----- Task data

Lemma Fval_gap_ge0 x : (F x < +oo)%E -> 0 <= Fval x - Fval xs.
Proof.
move=> Fx; have Fxs := le_lt_trans (xs_min x) Fx.
by have := xs_min x; rewrite (FobjE Fx) (FobjE Fxs) lee_fin subr_ge0.
Qed.

Lemma Fval_gap_ge_sqr x : (F x < +oo)%E ->
  mu / 2 * Lnorm (xs - x) ^+ 2 <= Fval x - Fval xs.
Proof.
move=> Fx; have Fxs := le_lt_trans (xs_min x) Fx.
have zero_subgrad : subgrad F xs 0 by move=> z; rewrite inner0l adde0.
have := F_sconv x xs Fx Fxs 0 zero_subgrad.
rewrite inner0l add0r (FobjE Fx) (FobjE Fxs) -EFinD lee_fin -opprB LnormN; lra.
Qed.

Lemma sum_step_gap_le x : (F x < +oo)%E ->
  \sum_i (Fval (step x i) - Fval xs) <= (n%:R - (1 - gamma_mu mu)) * (Fval x - Fval xs).
Proof.
move=> Fx; have Fxs := le_lt_trans (xs_min x) Fx.
have sqr_le := Fval_gap_ge_sqr x Fx.
rewrite sumrB sumr_const card_ord -[Fval xs *+ n]mulr_natr /gamma_mu; case: ifP => [mu_le2|_].
- have l01 : 0 <= mu / 2 <= 1 by apply/andP; split; have := mu_gt0; lra.
  have := sum_Fval_step_le x xs (mu / 2) Fx Fxs l01.
  have := ler_wpM2l (_ : 0 <= mu / 4) sqr_le; have := mu_gt0; lra.
- have := sum_Fval_step_le x xs 1 Fx Fxs; rewrite ler01 lexx => /(_ isT).
  have inv_mu_ge0 : 0 <= mu^-1 by rewrite invr_ge0 ltW.
  have := ler_wpM2l inv_mu_ge0 sqr_le.
  have -> : mu^-1 * (mu / 2 * Lnorm (xs - x) ^+ 2) = Lnorm (xs - x) ^+ 2 / 2.
    by field; rewrite gt_eqF.
  lra.
Qed.

Lemma sum_ucdc_gap_le k x : (0 < n)%N -> (F x < +oo)%E ->
  \sum_(w : k.-tuple 'I_n) (Fval (ucdc U T x w) - Fval xs) <=
  (n%:R - (1 - gamma_mu mu)) ^+ k * (Fval x - Fval xs).
Proof.
move=> n_gt0; have rate_ge0 : 0 <= n%:R - (1 - gamma_mu mu).
  have := gamma_mu_ge0 mu_gt0; have : (1 : R) <= n%:R by rewrite ler1n.
  lra.
elim: k x => [|k IH] x Fx.
  rewrite (eq_bigr (fun _ => Fval x - Fval xs)) => [|w _]; last by rewrite tuple0.
  by rewrite sumr_const card_tuple expn0 expr0 mul1r.
rewrite sum_tuple_cons exprSr -mulrA.
apply: le_trans (_ : \sum_i (n%:R - (1 - gamma_mu mu)) ^+ k *
                         (Fval (step x i) - Fval xs) <= _).
  by apply: ler_sum => i _; apply/IH/Fobj_step_lt_pinfty.
by rewrite -mulr_sumr ler_wpM2l ?exprn_ge0 ?sum_step_gap_le.
Qed.

End StronglyConvex.

End UCDCStep.

Theorem theorem7 (R : realType) (n : nat) (Ns : 'I_n -> nat)
  (U : 'M[R]_(Ntot Ns)) (B : forall i : 'I_n, 'M[R]_(Ns i))
  (f : 'cV[R]_(Ntot Ns) -> R) (L : 'I_n -> R)
  (Psi : forall i : 'I_n, 'cV[R]_(Ns i) -> \bar R)
  (T : forall i : 'I_n, 'cV[R]_(Ntot Ns) -> 'cV[R]_(Ns i))
  (mu eps rho : R) (x0 : 'cV[R]_(Ntot Ns)) (k : nat) :
  (0 < n)%N ->
  is_perm_mx U ->
  (forall i, posdef (B i)) ->
  convex_fun f ->
  (forall x, differentiable f x) ->
  (forall i, 0 < L i) ->
  (forall x i (t : 'cV[R]_(Ns i)),
     bdnorm (B i) (bgrad U f i (x + blkU U i *m t) - bgrad U f i x)
       <= L i * bnorm (B i) t) ->
  (forall i, proper_fun (Psi i) /\ closed_fun (Psi i) /\ convex_efun (Psi i)) ->
  (exists xs, forall x, (Fobj U f Psi xs <= Fobj U f Psi x)%E) ->
  (forall (i : 'I_n) (x : 'cV[R]_(Ntot Ns)) (t : 'cV[R]_(Ns i)), (Vobj U f B L Psi i x (T i x) <= Vobj U f B L Psi i x t)%E) ->
  0 < mu ->
  strongly_convex_L U B L (Fobj U f Psi) mu ->
  0 < eps -> 0 < rho < 1 ->
  (Fobj U f Psi x0 < +oo)%E ->
  n%:R / (1 - gamma_mu mu)
    * ln (fine (Fobj U f Psi x0 - Fstar (Fobj U f Psi)) / (rho * eps)) <= k%:R ->
  1 - rho <= prob_k (fun w : k.-tuple 'I_n =>
     (Fobj U f Psi (ucdc U T x0 w) - Fstar (Fobj U f Psi) <= eps%:E)%E).
Proof.
move=> n_gt0 U_perm B_pd f_conv f_diff L_gt0 grad_lip Psi_prop [xs xs_min] T_min
  mu_gt0 F_sconv eps_gt0 /andP[rho_gt0 _] Fx0 k_ge.
have Psi_noo i := (Psi_prop i).1.1.
have FE x := @FobjE _ _ _ U f Psi Psi_noo x.
pose Fv := Fval U f Psi.
have Fxs := le_lt_trans (xs_min x0) Fx0.
have Fucdc w := Fobj_ucdc_lt_pinfty U B f L Psi T U_perm Psi_noo T_min x0 w Fx0.
rewrite (Fstar_min xs_min) (FE _ Fx0) (FE _ Fxs) -EFinB in k_ge.
have -> : (fun w : k.-tuple 'I_n =>
            (Fobj U f Psi (ucdc U T x0 w) - Fstar (Fobj U f Psi) <= eps%:E)%E)
    = (fun w => Fv (ucdc U T x0 w) - Fv xs <= eps).
  by apply/funext => w; rewrite (Fstar_min xs_min) (FE _ (Fucdc w)) (FE _ Fxs) -EFinB.
have gap_ge0 := Fval_gap_ge0 U f Psi Psi_noo xs xs_min.
apply: prob_k_markov => // [w|]; first exact: gap_ge0 (Fucdc w).
apply: le_trans (sum_ucdc_gap_le U B f L Psi T U_perm B_pd f_conv f_diff
  (fun i => ltW (L_gt0 i)) grad_lip Psi_noo (fun i => (Psi_prop i).2.2) T_min
  mu xs mu_gt0 F_sconv xs_min k x0 n_gt0 Fx0) _.
rewrite natrX; apply: expn_contraction_le; rewrite ?mulr_gt0 ?gap_ge0 //.
have gamma_ge0 := gamma_mu_ge0 mu_gt0; have gamma_lt1 := gamma_mu_lt1 mu_gt0.
have n_ge1 : (1 : R) <= n%:R by rewrite ler1n.
by apply/andP; split; lra.
Qed.
(* Let $\Gamma$ be a connected finite simple graph on $N\ge3$ vertices whose minimum vertex degree $d$ satisfies $d\ge2$. Then $\varepsilon\le\frac{\sqrt{d-1}}{d}$.
   Context: For a finite simple graph $\Gamma=(V,E)$ without isolated vertices, $\deg v$ is the number of neighbours of $v$ and $\mathcal N(v)=\{w\in V: w\sim v\}$. The normalized Laplacian acts on functions $f:V\to\mathbb R$ by $\Delta f(v)=f(v)-\frac{1}{\deg v}\sum_{w\sim v}f(w)$; its eigenvalues are $0=\lambda_1\le\lambda_2\le\dots\le\lambda_N$, and $\varepsilon:=\min_i|1-\lambda_i|$. $d$ denotes the minimum vertex degree. *)

From HB Require Import structures.
From mathcomp Require Import all_boot all_order all_algebra.
From mathcomp Require Import reals.
Set Implicit Arguments. Unset Strict Implicit. Unset Printing Implicit Defensive.
Import Order.TTheory GRing.Theory Num.Theory.
Local Open Scope ring_scope.

Definition simple_graph (T : finType) (adj : rel T) : Prop :=
  symmetric adj /\ irreflexive adj.

Definition connected_graph (T : finType) (adj : rel T) : Prop :=
  forall x y : T, connect adj x y.

Definition deg (T : finType) (adj : rel T) (v : T) : nat := #|[set w | adj v w]|.

(* minimum vertex degree (the index #|T| is an upper bound for every degree) *)
Definition mindeg (T : finType) (adj : rel T) : nat :=
  \big[minn/#|T|]_(v : T) deg adj v.

Definition nlap (R : realType) (T : finType) (adj : rel T) (f : T -> R) (v : T) : R :=
  f v - ((deg adj v)%:R)^-1 * \sum_(w | adj v w) f w.

Definition nlap_eigenvalue (R : realType) (T : finType) (adj : rel T) (lam : R) : Prop :=
  exists f : T -> R, (exists v, f v != 0) /\ forall v, nlap adj f v = lam * f v.

(* Let S = D^-1/2 A D^-1/2 be the normalized adjacency matrix: its eigenvalues
   are the 1 - lambda, and |1 - lambda| <= 1 by a maximum principle. In an
   orthonormal eigenbasis the degree-weighted moments tr(D S^k) become
   sum_j w_j nu_j^k with w_j >= 0 and sum_j w_j = tr D. Counting walks gives
   tr(D S^2) = N < tr D, and counting common neighbours gives
   tr(D S^4) >= (1 + c) N - c tr D for c = (d - 1)/d^2. If every nu_j^2 > c,
   each term w_j (nu_j^2 - 1)(nu_j^2 - c) would be <= 0 and one of them < 0,
   contradicting the bound on the fourth moment; so some nu_j^2 <= c. *)

From HB Require Import structures.
From mathcomp Require Import all_boot all_order all_algebra.
From mathcomp Require Import reals.
From mathcomp Require Import spectral sesquilinear complex.
From mathcomp Require Import ring lra.
Import Order.TTheory GRing.Theory Num.Theory.
Local Open Scope ring_scope.
Local Open Scope sesquilinear_scope.

Lemma exists_le_of_moments {R : realFieldType} {I : finType} {w t : I -> R} (c : R) :
  (forall j, 0 <= w j) -> (forall j, t j <= 1) ->
  \sum_j w j * t j < \sum_j w j ->
  (1 + c) * (\sum_j w j * t j) - c * \sum_j w j <= \sum_j w j * t j ^+ 2 ->
  exists j, t j <= c.
Proof.
move=> w_ge0 t_le1 lt_w_tw moment2.
apply/existsP; apply: contraLR moment2 => /existsPn tc; rewrite -ltNge.
have ct j : c < t j by rewrite ltNge tc.
pose q j := w j * ((t j - 1) * (t j - c)).
have q_le0 j : q j <= 0.
  by rewrite /q mulr_ge0_le0 // mulr_le0_ge0 ?subr_le0 ?subr_ge0 // ltW.
have [j wt_lt] : exists j, w j * t j < w j.
  apply/existsP; apply: contraLR lt_w_tw => /existsPn h.
  by rewrite -leNgt; apply: ler_sum => j _; rewrite leNgt h.
have qj_lt0 : q j < 0.
  rewrite /q mulrA pmulr_llt0 ?subr_gt0 //.
  by rewrite mulrBr mulr1 subr_lt0.
have sum_q_lt0 : \sum_j q j < 0.
  rewrite (bigD1 j) //=.
  have : \sum_(i | i != j) q i <= 0 by apply: sumr_le0 => i _.
  lra.
have -> : \sum_j w j * t j ^+ 2 =
    \sum_j q j + (1 + c) * (\sum_j w j * t j) - c * \sum_j w j.
  rewrite !mulr_sumr -!sumrN -!big_split /=; apply: eq_bigr => k _.
  rewrite /q; ring.
lra.
Qed.

Section UnitaryConjugation.
Variables (C : numClosedFieldType) (n : nat) (U : 'M[C]_n).

Lemma unitary_diag_entry (a : 'rV[C]_n) i :
  (U^t* *m diag_mx a *m U) i i = \sum_j a 0 j * ((U j i)^* * U j i)%R.
Proof. by rewrite mul_mx_diag !mxE; apply: eq_bigr => j _; rewrite !mxE; ring. Qed.

Lemma unitary_diag_mul (a b : 'rV[C]_n) : U \is unitarymx ->
  (U^t* *m diag_mx a *m U) *m (U^t* *m diag_mx b *m U) =
  U^t* *m diag_mx (\row_j (a 0 j * b 0 j)) *m U.
Proof.
move=> /unitarymxP UU; rewrite -mulmx_diag !mulmxA.
by rewrite -[_ *m U *m U^t*]mulmxA UU mulmx1.
Qed.
End UnitaryConjugation.

Section SymmetricSpectral.
Variables (R : realType) (n : nat) (S : 'M[R]_n).
Hypothesis S_sym : S^T = S.
Local Notation C := (R[i] : numClosedFieldType).
Local Notation toC := (real_complex R).
Local Notation Sc := (map_mx toC S : 'M[C]_n).
Local Notation U := (spectralmx Sc).
Local Notation sp := (spectral_diag Sc).

(* [sym_weight j i] = |U j i|^2 is the mass that the spectral measure of the
   i-th basis vector puts on the eigenvalue [sym_eigval j]. *)
Definition sym_eigval j := complex.Re (sp 0 j).
Definition sym_weight j i := complex.Re (U j i) ^+ 2 + complex.Im (U j i) ^+ 2.

Lemma symmx_hermitian : Sc \is hermsymmx.
Proof.
apply: realsym_hermsym.
  by apply/is_hermitianmxP; rewrite expr0 scale1r map_mx_id // -{1}S_sym map_trmx.
by apply/mxOverP => i j; rewrite mxE complex_real.
Qed.

Lemma symmx_unitary : U \is unitarymx. Proof. exact: spectral_unitarymx. Qed.

Lemma symmx_spectral : Sc = U^t* *m diag_mx sp *m U.
Proof.
have /orthomx_spectralP := hermitian_normalmx symmx_hermitian.
by rewrite invmx_unitary // symmx_unitary.
Qed.

Lemma spectral_diagE j : sp 0 j = toC (sym_eigval j).
Proof.
have /mxOverP/(_ 0 j) := hermitian_spectral_diag_real symmx_hermitian.
by rewrite /sym_eigval complexRe => /Creal_ReP.
Qed.

Lemma sym_weightE j i : toC (sym_weight j i) = ((U j i)^* * U j i)%R.
Proof. by rewrite add_Re2_Im2 normCKC. Qed.

Lemma sym_weight_ge0 j i : 0 <= sym_weight j i.
Proof. by rewrite addr_ge0 ?sqr_ge0. Qed.

Lemma eigenvalue_sym_eigval j : eigenvalue S (sym_eigval j).
Proof.
suff : eigenvalue Sc (sp 0 j) by rewrite spectral_diagE eigenvalue_map.
apply/eigenvalueP; exists (row j U).
  rewrite -row_mul [X in _ *m X]symmx_spectral !mulmxA (unitarymxP symmx_unitary) mul1mx.
  by apply/rowP => k; rewrite mul_diag_mx !mxE.
apply/eqP => Uj0; have /row_unitarymxP/(_ j j) := symmx_unitary.
by rewrite Uj0 dotmxE mul0mx mxE eqxx => /eqP; rewrite eq_sym oner_eq0.
Qed.

Lemma diag_entry_sym_weight (M : 'M[R]_n) a i :
  map_mx toC M = U^t* *m diag_mx a *m U ->
  toC (M i i) = \sum_j a 0 j * toC (sym_weight j i).
Proof.
move=> /(congr1 (fun A : 'M[C]_n => A i i)); rewrite mxE unitary_diag_entry => ->.
by apply: eq_bigr => j _; rewrite sym_weightE.
Qed.

Lemma sum_sym_weight i : \sum_j sym_weight j i = 1.
Proof.
have UU : U^t* *m U = 1%:M.
  by rewrite -invmx_unitary ?symmx_unitary // mulVmx // spectral_unit.
have := @diag_entry_sym_weight 1%:M (const_mx 1) i.
rewrite map_mx1 diag_const_mx mulmx1 mxE eqxx => /(_ (esym UU)) sum_w.
apply: (@complexI R); rewrite rmorph_sum /= sum_w.
by apply: eq_bigr => j _; rewrite mxE mul1r.
Qed.

Lemma symmx_sqr_spectral : Sc *m Sc = U^t* *m diag_mx (\row_j (sp 0 j ^+ 2)) *m U.
Proof.
have -> : \row_j (sp 0 j ^+ 2) = \row_j (sp 0 j * sp 0 j).
  by apply/rowP => j; rewrite !mxE expr2.
by rewrite [in LHS]symmx_spectral unitary_diag_mul ?symmx_unitary.
Qed.

Lemma symmx_sqr_diag i : (S *m S) i i = \sum_j sym_weight j i * sym_eigval j ^+ 2.
Proof.
apply: (@complexI R); rewrite rmorph_sum.
rewrite (diag_entry_sym_weight _ _ _ (etrans (map_mxM _ _ _) symmx_sqr_spectral)).
by apply: eq_bigr => j _; rewrite mxE spectral_diagE rmorphM rmorphXn mulrC; reflexivity.
Qed.

Lemma symmx_pow4_diag i :
  (S *m S *m (S *m S)) i i = \sum_j sym_weight j i * sym_eigval j ^+ 4.
Proof.
have Sc4 : Sc *m Sc *m (Sc *m Sc) = U^t* *m diag_mx (\row_j (sp 0 j ^+ 4)) *m U.
  have -> : \row_j (sp 0 j ^+ 4) = \row_j ((\row_j (sp 0 j ^+ 2)) 0 j ^+ 2).
    by apply/rowP => j; rewrite !mxE -exprM.
  by rewrite symmx_sqr_spectral unitary_diag_mul ?symmx_unitary.
apply: (@complexI R); rewrite rmorph_sum.
rewrite (diag_entry_sym_weight _ (\row_j (sp 0 j ^+ 4)) i); last by rewrite !map_mxM Sc4.
by apply: eq_bigr => j _; rewrite mxE spectral_diagE rmorphM rmorphXn mulrC; reflexivity.
Qed.

Lemma symmx_small_eigenvalue (dl : 'I_n -> R) (c : R) :
  (forall i, 0 <= dl i) -> (forall nu, eigenvalue S nu -> nu ^+ 2 <= 1) ->
  \sum_i dl i * (S *m S) i i < \sum_i dl i ->
  (1 + c) * (\sum_i dl i * (S *m S) i i) - c * \sum_i dl i <=
    \sum_i dl i * (S *m S *m (S *m S)) i i ->
  exists2 nu, eigenvalue S nu & nu ^+ 2 <= c.
Proof.
move=> dl_ge0 eig_le1.
pose w j := \sum_i dl i * sym_weight j i.
have weightE (F h : 'I_n -> R) :
    (forall i, F i = \sum_j sym_weight j i * h j) -> \sum_i dl i * F i = \sum_j w j * h j.
  move=> FE; under eq_bigr do rewrite FE mulr_sumr.
  rewrite exchange_big /=; apply: eq_bigr => j _.
  by rewrite /w mulr_suml; apply: eq_bigr => i _; rewrite mulrA.
have sum_w : \sum_i dl i = \sum_j w j.
  rewrite /w exchange_big /=.
  by apply: eq_bigr => i _; rewrite -mulr_sumr sum_sym_weight mulr1.
rewrite sum_w (weightE _ _ symmx_sqr_diag) (weightE _ _ symmx_pow4_diag).
move=> lt_moment moment.
have w_ge0 j : 0 <= w j by apply: sumr_ge0 => i _; rewrite mulr_ge0 ?sym_weight_ge0.
have t_le1 j : sym_eigval j ^+ 2 <= 1 by apply/eig_le1/eigenvalue_sym_eigval.
have [|j nu_c] := exists_le_of_moments c w_ge0 t_le1 lt_moment.
  by under [X in _ <= X]eq_bigr do rewrite -exprM.
by exists (sym_eigval j); first exact: eigenvalue_sym_eigval.
Qed.
End SymmetricSpectral.

Arguments symmx_small_eigenvalue {R n S}.

Lemma sum_sqr_le_sqr_sum (R : realDomainType) (I : finType) (u : I -> R) :
  (forall k, 0 <= u k) -> \sum_k u k ^+ 2 <= (\sum_k u k) ^+ 2.
Proof.
move=> u_ge0; rewrite expr2 mulr_suml; apply: ler_sum => k _.
by rewrite expr2 ler_wpM2l // (bigD1 k) //= lerDl sumr_ge0.
Qed.

Lemma indicator_moment_ineq {R : realFieldType} {I : finType} {a x : I -> R} {d : R} :
  (forall k, a k * a k = a k) -> (forall k, 0 <= x k) -> (forall k, d * x k <= 1) ->
  2 <= d -> 1 <= \sum_k a k ->
  (\sum_k a k) * (\sum_k a k * x k)
    - (d - 1) / d ^+ 2 * (\sum_k a k) * (\sum_k a k - 1) <=
  (\sum_k a k * x k) ^+ 2 + \sum_k a k * (x k - x k ^+ 2).
Proof.
set K := \sum_k a k; set s := \sum_k a k * x k.
move=> a_idem x_ge0 dx_le1 d_ge2 K_ge1.
(* with [u k := a k * (1 - d * x k) >= 0], [d ^+ 2] times the difference of the
   two sides is [(\sum_k u k) ^+ 2 - \sum_k u k ^+ 2 + (d - 2) (K - 1) \sum_k u k] *)
have a_ge0 k : 0 <= a k by rewrite -a_idem -expr2 sqr_ge0.
pose q := \sum_k a k * x k ^+ 2.
have sum_u : \sum_k a k * (1 - d * x k) = K - d * s.
  by rewrite /K /s mulr_sumr -sumrB; apply: eq_bigr => k _; ring.
have sum_u2 : \sum_k (a k * (1 - d * x k)) ^+ 2 = K - 2 * d * s + d ^+ 2 * q.
  rewrite /K /s /q !mulr_sumr -sumrB -big_split /=; apply: eq_bigr => k _.
  by rewrite exprMn expr2 a_idem; ring.
have u_sum_ge0 : 0 <= K - d * s.
  by rewrite -sum_u sumr_ge0 // => k _; rewrite mulr_ge0 // subr_ge0.
have cauchy : K - 2 * d * s + d ^+ 2 * q <= (K - d * s) ^+ 2.
  rewrite -sum_u -sum_u2; apply: sum_sqr_le_sqr_sum => k.
  by rewrite mulr_ge0 // subr_ge0.
have -> : \sum_k a k * (x k - x k ^+ 2) = s - q.
  by rewrite /s /q -sumrB; apply: eq_bigr => k _; ring.
have d_neq0 : d != 0 by rewrite gt_eqF //; lra.
rewrite -subr_ge0.
have -> : s ^+ 2 + (s - q) - (K * s - (d - 1) / d ^+ 2 * K * (K - 1)) =
    ((K - d * s) ^+ 2 - (K - 2 * d * s + d ^+ 2 * q)
     + (d - 2) * (K - 1) * (K - d * s)) / d ^+ 2 by field.
apply: divr_ge0; last exact: sqr_ge0.
by apply: addr_ge0; rewrite ?subr_ge0 // !mulr_ge0 // subr_ge0.
Qed.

----------

*Problem description:* Search the records for the word "gives", then list every line that has it.

*Written answer:*
   sum_j w_j nu_j^k with w_j >= 0 and sum_j w_j = tr D. Counting walks gives
   tr(D S^2) = N < tr D, and counting common neighbours gives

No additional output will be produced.